- TASK DESCRIPTION -
Please repeat the listing in its entirety, without any alteration.

- EXCERPTED DATA -
(* Let $\alpha\in\mathbb C$, $k\in\mathbb N$, $P_k:=\mathbb C[\rho,\varepsilon]/(\varepsilon^k)$, and define $T_{(\alpha,k)}:R\to P_k$ by $T_{(\alpha,k)}(f)=\sum_{i=0}^{k-1}f^{(i)}_\alpha\,\frac{\varepsilon^i}{i!}$. Then: (1) $T_{(\alpha,k)}$ is a $\mathbb C$-algebra homomorphism and $\ker T_{(\alpha,k)}=(l_\alpha^k)$; (2) the induced injective algebra homomorphism $\tau:R/(l_\alpha^k)\to P_k$ induces an isomorphism between the total rings of fractions of $R/(l_\alpha^k)$ and of $P_k$.
   Context: $R=\mathbb C[z_1,z_2]$, identified via polar coordinates $z_1=\rho\cos\varphi$, $z_2=\rho\sin\varphi$ with the subalgebra $\mathbb C[\rho\cos\varphi,\rho\sin\varphi]$ of analytic functions in $(\rho,\varphi)\in\mathbb C^2$. For $f\in R$, $\alpha\in\mathbb C$, $i\in\mathbb N_0$, let $f^{(i)}_\alpha:=\frac{\partial^i f}{\partial\varphi^i}\big|_{\varphi=\alpha}\in\mathbb C[\rho]$. Put $l_\alpha=-\sin(\alpha)z_1+\cos(\alpha)z_2=\rho\sin(\varphi-\alpha)$. *)

From HB Require Import structures.
From mathcomp Require Import all_boot all_order all_algebra.
From mathcomp Require Import reals.
From mathcomp.real_closed Require Import complex.
From mathcomp Require Import mpoly.

Set Implicit Arguments.
Unset Strict Implicit.
Unset Printing Implicit Defensive.

Import GRing.Theory.
Local Open Scope ring_scope.

Section Defs.
Variable R : realType.
Local Notation C := (R[i]).

Definition Rpol := {mpoly C[2]}.
Definition z1 : Rpol := 'X_(ord0 : 'I_2).
Definition z2 : Rpol := 'X_(ord_max : 'I_2).

(* The derivation d/dphi on C[rho cos phi, rho sin phi] = C[z1, z2]:
   by the chain rule, d/dphi f(rho cos phi, rho sin phi)
     = - (rho sin phi) * (d_1 f) + (rho cos phi) * (d_2 f),
   i.e. dphi f = - z2 * df/dz1 + z1 * df/dz2 (again an element of C[z1,z2]). *)
Definition dphi (f : Rpol) : Rpol :=
  - z2 * mderiv (ord0 : 'I_2) f + z1 * mderiv (ord_max : 'I_2) f.

(* Evaluation at phi = alpha, where (c, s) = (cos alpha, sin alpha):
   z1 = rho cos phi |-> c * rho,  z2 = rho sin phi |-> s * rho,
   giving an element of C[rho] = {poly C}. *)
Definition eval_phi (c s : C) (f : Rpol) : {poly C} :=
  mmap (@polyC C) (fun i : 'I_2 => if val i == 0%N then c *: 'X else s *: 'X) f.

Definition fder (c s : C) (i : nat) (f : Rpol) : {poly C} :=
  eval_phi c s (iter i dphi f).

(* l_alpha = - sin(alpha) z1 + cos(alpha) z2 = rho sin(phi - alpha). *)
Definition lalpha (c s : C) : Rpol := - (s *: z1) + c *: z2.

(* P_k = C[rho, eps]/(eps^k) = C[rho][eps]/(eps^k) : the outer polynomial
   variable 'X is eps, the coefficients are in C[rho]. *)
Definition Pk (k : nat) := {poly %/ ('X^k : {poly {poly C}})}.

- FINAL ANSWER -
(* Let $\alpha\in\mathbb C$, $k\in\mathbb N$, $P_k:=\mathbb C[\rho,\varepsilon]/(\varepsilon^k)$, and define $T_{(\alpha,k)}:R\to P_k$ by $T_{(\alpha,k)}(f)=\sum_{i=0}^{k-1}f^{(i)}_\alpha\,\frac{\varepsilon^i}{i!}$. Then: (1) $T_{(\alpha,k)}$ is a $\mathbb C$-algebra homomorphism and $\ker T_{(\alpha,k)}=(l_\alpha^k)$; (2) the induced injective algebra homomorphism $\tau:R/(l_\alpha^k)\to P_k$ induces an isomorphism between the total rings of fractions of $R/(l_\alpha^k)$ and of $P_k$.
   Context: $R=\mathbb C[z_1,z_2]$, identified via polar coordinates $z_1=\rho\cos\varphi$, $z_2=\rho\sin\varphi$ with the subalgebra $\mathbb C[\rho\cos\varphi,\rho\sin\varphi]$ of analytic functions in $(\rho,\varphi)\in\mathbb C^2$. For $f\in R$, $\alpha\in\mathbb C$, $i\in\mathbb N_0$, let $f^{(i)}_\alpha:=\frac{\partial^i f}{\partial\varphi^i}\big|_{\varphi=\alpha}\in\mathbb C[\rho]$. Put $l_\alpha=-\sin(\alpha)z_1+\cos(\alpha)z_2=\rho\sin(\varphi-\alpha)$. *)

From HB Require Import structures.
From mathcomp Require Import all_boot all_order all_algebra.
From mathcomp Require Import reals.
From mathcomp.real_closed Require Import complex.
From mathcomp Require Import mpoly.

Set Implicit Arguments.
Unset Strict Implicit.
Unset Printing Implicit Defensive.

Import GRing.Theory.
Local Open Scope ring_scope.

Section Defs.
Variable R : realType.
Local Notation C := (R[i]).

Definition Rpol := {mpoly C[2]}.
Definition z1 : Rpol := 'X_(ord0 : 'I_2).
Definition z2 : Rpol := 'X_(ord_max : 'I_2).

(* The derivation d/dphi on C[rho cos phi, rho sin phi] = C[z1, z2]:
   by the chain rule, d/dphi f(rho cos phi, rho sin phi)
     = - (rho sin phi) * (d_1 f) + (rho cos phi) * (d_2 f),
   i.e. dphi f = - z2 * df/dz1 + z1 * df/dz2 (again an element of C[z1,z2]). *)
Definition dphi (f : Rpol) : Rpol :=
  - z2 * mderiv (ord0 : 'I_2) f + z1 * mderiv (ord_max : 'I_2) f.

(* Evaluation at phi = alpha, where (c, s) = (cos alpha, sin alpha):
   z1 = rho cos phi |-> c * rho,  z2 = rho sin phi |-> s * rho,
   giving an element of C[rho] = {poly C}. *)
Definition eval_phi (c s : C) (f : Rpol) : {poly C} :=
  mmap (@polyC C) (fun i : 'I_2 => if val i == 0%N then c *: 'X else s *: 'X) f.

Definition fder (c s : C) (i : nat) (f : Rpol) : {poly C} :=
  eval_phi c s (iter i dphi f).

(* l_alpha = - sin(alpha) z1 + cos(alpha) z2 = rho sin(phi - alpha). *)
Definition lalpha (c s : C) : Rpol := - (s *: z1) + c *: z2.

(* P_k = C[rho, eps]/(eps^k) = C[rho][eps]/(eps^k) : the outer polynomial
   variable 'X is eps, the coefficients are in C[rho]. *)
Definition Pk (k : nat) := {poly %/ ('X^k : {poly {poly C}})}.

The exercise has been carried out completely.